Exercise prompt: From the records below, state how many lines include the word "card", giving only that number.
━━━━━━━━
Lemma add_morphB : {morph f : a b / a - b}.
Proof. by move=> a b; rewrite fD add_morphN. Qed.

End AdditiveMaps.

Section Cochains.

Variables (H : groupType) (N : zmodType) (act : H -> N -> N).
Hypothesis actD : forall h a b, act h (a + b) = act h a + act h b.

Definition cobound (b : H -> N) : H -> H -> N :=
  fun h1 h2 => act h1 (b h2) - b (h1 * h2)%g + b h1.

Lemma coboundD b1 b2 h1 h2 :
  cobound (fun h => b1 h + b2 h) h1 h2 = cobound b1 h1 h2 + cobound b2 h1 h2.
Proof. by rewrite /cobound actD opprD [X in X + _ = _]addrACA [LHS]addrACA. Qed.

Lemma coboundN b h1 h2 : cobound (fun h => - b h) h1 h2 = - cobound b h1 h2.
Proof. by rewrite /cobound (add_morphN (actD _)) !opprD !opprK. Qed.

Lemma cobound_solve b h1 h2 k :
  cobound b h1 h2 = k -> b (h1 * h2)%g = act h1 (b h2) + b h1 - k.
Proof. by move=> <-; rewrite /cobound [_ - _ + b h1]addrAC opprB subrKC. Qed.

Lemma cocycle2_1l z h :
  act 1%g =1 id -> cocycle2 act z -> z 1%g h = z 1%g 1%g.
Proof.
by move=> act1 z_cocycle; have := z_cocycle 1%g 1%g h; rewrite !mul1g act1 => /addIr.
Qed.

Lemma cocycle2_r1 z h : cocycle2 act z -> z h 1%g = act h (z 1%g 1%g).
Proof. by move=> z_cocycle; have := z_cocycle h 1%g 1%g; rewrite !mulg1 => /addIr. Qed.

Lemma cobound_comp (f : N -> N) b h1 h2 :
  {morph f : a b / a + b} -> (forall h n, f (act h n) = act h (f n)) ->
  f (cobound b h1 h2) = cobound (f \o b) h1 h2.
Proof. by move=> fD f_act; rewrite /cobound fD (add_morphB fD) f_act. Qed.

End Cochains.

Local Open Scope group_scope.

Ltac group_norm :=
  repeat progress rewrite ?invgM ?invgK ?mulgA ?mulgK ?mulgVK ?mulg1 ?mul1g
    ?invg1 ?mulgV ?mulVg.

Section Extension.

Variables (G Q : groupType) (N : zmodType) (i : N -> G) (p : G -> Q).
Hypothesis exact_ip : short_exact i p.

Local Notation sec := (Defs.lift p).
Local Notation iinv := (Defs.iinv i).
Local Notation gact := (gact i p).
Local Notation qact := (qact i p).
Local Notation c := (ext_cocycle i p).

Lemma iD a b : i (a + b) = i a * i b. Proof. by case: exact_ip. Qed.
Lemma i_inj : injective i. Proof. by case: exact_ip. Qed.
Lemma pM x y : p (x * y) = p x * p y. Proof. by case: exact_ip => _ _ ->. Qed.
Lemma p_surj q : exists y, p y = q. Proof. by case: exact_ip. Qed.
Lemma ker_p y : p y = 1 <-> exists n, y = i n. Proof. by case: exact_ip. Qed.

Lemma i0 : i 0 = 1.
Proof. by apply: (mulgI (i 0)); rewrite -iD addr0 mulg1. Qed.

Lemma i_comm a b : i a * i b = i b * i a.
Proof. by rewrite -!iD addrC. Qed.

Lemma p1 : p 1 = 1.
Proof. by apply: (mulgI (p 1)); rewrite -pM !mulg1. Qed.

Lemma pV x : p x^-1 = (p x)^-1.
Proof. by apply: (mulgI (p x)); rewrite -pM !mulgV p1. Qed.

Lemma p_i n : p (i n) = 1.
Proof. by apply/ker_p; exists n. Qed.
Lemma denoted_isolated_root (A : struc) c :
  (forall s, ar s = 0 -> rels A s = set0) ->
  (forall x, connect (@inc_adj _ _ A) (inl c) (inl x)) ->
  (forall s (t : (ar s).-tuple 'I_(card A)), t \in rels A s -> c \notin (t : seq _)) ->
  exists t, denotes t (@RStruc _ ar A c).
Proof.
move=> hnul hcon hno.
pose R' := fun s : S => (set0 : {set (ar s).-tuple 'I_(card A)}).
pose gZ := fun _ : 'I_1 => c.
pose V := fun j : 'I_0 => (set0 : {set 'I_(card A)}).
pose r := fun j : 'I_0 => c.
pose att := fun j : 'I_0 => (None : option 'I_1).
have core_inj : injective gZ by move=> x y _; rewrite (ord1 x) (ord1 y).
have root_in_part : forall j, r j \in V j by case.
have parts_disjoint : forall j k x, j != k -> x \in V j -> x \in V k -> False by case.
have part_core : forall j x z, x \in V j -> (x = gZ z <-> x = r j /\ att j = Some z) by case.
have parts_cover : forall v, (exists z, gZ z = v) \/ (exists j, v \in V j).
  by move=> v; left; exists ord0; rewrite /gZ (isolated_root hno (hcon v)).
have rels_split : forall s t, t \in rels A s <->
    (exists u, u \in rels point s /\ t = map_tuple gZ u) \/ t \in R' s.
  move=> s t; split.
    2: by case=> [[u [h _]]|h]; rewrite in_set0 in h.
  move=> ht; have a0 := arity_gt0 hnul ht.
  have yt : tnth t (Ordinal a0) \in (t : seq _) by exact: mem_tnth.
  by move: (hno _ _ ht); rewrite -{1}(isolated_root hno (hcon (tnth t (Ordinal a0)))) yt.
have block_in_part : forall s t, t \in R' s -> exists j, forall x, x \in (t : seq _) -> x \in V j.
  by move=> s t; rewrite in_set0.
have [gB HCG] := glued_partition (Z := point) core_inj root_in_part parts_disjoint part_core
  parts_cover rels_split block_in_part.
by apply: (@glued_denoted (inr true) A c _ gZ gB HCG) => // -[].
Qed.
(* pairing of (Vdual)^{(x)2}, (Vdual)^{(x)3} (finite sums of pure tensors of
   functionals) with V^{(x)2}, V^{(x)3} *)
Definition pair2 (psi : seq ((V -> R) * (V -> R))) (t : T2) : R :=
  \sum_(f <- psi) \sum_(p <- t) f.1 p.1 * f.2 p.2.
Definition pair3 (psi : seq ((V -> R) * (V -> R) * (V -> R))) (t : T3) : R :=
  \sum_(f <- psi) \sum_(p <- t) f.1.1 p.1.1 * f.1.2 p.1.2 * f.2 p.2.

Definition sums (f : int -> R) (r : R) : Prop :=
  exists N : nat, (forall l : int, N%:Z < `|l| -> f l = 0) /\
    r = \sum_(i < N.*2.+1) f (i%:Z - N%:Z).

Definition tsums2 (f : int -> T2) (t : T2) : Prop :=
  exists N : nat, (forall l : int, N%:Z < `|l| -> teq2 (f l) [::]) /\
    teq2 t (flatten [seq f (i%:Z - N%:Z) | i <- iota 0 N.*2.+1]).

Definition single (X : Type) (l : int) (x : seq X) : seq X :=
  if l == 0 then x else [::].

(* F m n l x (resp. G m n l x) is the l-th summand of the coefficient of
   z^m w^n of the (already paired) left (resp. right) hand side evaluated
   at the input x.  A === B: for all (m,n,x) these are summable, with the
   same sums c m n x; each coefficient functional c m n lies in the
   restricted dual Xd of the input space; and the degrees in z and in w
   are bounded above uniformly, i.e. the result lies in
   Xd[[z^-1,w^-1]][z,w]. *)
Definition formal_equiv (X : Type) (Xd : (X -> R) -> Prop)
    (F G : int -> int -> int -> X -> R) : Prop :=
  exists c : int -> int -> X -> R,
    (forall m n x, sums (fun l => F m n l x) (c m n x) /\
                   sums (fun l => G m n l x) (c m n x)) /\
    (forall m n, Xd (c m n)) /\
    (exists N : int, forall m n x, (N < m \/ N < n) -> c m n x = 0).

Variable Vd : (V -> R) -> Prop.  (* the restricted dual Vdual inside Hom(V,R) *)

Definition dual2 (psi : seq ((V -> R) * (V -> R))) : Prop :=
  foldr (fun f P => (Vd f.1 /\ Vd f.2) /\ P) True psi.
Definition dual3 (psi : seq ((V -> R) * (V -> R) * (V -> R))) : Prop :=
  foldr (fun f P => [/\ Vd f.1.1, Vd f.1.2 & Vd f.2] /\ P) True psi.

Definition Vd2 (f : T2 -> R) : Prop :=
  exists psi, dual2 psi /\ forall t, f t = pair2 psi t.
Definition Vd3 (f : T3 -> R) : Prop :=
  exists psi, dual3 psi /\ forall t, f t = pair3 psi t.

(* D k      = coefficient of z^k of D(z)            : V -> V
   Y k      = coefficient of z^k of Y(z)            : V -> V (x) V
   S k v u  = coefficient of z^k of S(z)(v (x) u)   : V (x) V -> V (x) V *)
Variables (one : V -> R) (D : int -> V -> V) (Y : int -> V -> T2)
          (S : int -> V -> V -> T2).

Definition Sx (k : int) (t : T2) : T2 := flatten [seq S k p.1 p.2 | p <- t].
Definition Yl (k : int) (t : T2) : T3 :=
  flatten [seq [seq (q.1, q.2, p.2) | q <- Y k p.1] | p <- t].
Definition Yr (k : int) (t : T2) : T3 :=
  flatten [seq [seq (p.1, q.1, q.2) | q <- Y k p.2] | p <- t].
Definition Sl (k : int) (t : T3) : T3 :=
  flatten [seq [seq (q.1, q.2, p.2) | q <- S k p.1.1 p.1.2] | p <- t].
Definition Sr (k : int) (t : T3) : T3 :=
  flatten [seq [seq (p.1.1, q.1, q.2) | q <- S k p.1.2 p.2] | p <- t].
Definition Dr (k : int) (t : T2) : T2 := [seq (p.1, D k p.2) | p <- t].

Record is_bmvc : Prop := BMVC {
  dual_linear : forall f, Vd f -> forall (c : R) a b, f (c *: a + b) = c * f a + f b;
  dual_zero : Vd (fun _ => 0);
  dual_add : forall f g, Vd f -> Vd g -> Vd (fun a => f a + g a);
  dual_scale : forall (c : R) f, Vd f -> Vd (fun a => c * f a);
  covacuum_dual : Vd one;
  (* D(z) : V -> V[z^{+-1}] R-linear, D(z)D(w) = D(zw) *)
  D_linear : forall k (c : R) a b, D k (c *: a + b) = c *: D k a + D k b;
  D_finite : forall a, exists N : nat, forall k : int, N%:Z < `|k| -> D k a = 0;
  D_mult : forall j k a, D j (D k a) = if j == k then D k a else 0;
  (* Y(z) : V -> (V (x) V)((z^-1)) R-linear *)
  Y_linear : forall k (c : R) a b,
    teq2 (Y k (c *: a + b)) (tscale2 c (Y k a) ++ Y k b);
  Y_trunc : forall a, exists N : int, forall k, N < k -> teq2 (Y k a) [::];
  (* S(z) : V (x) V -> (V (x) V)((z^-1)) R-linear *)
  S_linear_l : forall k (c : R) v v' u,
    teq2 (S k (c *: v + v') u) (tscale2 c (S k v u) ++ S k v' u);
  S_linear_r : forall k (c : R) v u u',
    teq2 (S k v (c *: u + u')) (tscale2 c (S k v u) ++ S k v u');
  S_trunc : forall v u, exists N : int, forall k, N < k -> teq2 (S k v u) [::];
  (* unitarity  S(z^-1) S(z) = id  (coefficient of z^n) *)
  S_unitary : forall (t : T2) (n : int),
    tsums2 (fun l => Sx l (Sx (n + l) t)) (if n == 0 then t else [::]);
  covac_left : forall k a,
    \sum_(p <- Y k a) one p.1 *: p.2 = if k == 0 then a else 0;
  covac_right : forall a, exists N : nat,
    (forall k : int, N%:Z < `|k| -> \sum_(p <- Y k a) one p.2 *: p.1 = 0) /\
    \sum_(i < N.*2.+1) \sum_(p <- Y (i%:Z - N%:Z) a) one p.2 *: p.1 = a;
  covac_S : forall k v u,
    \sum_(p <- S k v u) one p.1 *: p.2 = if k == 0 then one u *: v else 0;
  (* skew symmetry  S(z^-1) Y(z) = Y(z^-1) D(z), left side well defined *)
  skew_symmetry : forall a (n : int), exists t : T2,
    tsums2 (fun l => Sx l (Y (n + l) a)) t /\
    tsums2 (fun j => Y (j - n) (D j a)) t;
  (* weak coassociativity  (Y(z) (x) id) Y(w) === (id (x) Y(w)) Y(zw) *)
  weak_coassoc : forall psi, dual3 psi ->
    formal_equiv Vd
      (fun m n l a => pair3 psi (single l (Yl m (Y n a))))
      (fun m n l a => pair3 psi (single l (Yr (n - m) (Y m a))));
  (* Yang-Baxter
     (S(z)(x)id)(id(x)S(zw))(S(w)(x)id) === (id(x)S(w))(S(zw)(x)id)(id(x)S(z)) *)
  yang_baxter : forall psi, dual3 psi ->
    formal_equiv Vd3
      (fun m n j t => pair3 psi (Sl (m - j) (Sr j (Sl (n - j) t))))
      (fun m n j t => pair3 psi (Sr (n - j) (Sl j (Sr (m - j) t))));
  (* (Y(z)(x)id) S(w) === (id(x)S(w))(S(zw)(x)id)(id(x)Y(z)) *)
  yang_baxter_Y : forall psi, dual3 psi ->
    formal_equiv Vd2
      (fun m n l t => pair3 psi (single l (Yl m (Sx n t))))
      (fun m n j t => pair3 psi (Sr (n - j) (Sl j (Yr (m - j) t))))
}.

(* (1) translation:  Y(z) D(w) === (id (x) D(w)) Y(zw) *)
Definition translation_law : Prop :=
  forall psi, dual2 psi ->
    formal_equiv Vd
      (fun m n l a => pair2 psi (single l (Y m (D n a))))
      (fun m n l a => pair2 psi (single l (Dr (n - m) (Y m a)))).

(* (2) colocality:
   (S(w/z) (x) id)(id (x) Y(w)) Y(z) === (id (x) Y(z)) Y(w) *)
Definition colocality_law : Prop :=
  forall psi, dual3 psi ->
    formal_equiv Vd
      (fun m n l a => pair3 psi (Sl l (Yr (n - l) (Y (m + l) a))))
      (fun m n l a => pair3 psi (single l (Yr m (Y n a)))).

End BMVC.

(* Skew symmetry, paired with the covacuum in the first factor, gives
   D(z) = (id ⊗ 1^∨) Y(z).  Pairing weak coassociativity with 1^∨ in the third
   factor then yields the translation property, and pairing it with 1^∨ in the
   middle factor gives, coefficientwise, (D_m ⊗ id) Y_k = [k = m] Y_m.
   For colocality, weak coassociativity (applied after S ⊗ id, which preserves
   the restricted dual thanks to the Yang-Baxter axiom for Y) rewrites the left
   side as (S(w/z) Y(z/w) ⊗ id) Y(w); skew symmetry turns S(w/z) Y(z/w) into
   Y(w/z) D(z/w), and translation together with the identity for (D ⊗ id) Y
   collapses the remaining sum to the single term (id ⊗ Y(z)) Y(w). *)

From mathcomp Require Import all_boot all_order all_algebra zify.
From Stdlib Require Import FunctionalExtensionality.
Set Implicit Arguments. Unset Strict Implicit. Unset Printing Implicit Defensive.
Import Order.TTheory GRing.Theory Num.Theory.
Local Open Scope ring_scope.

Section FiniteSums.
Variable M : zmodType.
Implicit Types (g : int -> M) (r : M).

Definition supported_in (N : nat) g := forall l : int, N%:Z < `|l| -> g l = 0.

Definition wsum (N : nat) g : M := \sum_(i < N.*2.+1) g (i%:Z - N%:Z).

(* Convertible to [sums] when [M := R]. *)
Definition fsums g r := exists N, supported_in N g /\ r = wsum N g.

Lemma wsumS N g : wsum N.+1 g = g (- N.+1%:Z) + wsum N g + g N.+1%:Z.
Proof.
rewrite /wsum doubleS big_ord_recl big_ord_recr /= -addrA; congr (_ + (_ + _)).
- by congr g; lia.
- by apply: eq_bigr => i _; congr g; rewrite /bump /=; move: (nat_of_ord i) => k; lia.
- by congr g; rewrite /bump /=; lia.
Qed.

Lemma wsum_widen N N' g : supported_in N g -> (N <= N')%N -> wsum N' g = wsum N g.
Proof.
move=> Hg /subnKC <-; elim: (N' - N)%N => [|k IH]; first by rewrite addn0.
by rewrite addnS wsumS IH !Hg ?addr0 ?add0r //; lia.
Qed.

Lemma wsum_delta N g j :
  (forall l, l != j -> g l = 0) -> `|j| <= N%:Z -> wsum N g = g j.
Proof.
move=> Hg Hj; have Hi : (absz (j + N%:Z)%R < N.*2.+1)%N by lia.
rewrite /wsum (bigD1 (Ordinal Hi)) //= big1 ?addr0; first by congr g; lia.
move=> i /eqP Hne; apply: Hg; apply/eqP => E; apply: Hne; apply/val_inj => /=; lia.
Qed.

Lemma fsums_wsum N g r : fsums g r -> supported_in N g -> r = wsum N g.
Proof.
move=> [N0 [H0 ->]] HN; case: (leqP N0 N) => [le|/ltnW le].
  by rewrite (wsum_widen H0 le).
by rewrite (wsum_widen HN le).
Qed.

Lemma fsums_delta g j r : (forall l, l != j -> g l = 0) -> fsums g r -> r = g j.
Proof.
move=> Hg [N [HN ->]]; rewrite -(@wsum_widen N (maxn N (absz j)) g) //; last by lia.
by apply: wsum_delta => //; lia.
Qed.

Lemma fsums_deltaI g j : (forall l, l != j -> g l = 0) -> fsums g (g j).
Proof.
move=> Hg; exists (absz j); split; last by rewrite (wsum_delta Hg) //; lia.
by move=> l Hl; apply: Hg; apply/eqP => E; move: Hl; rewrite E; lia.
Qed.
━━━━━━━━
Reply to the exercise: 3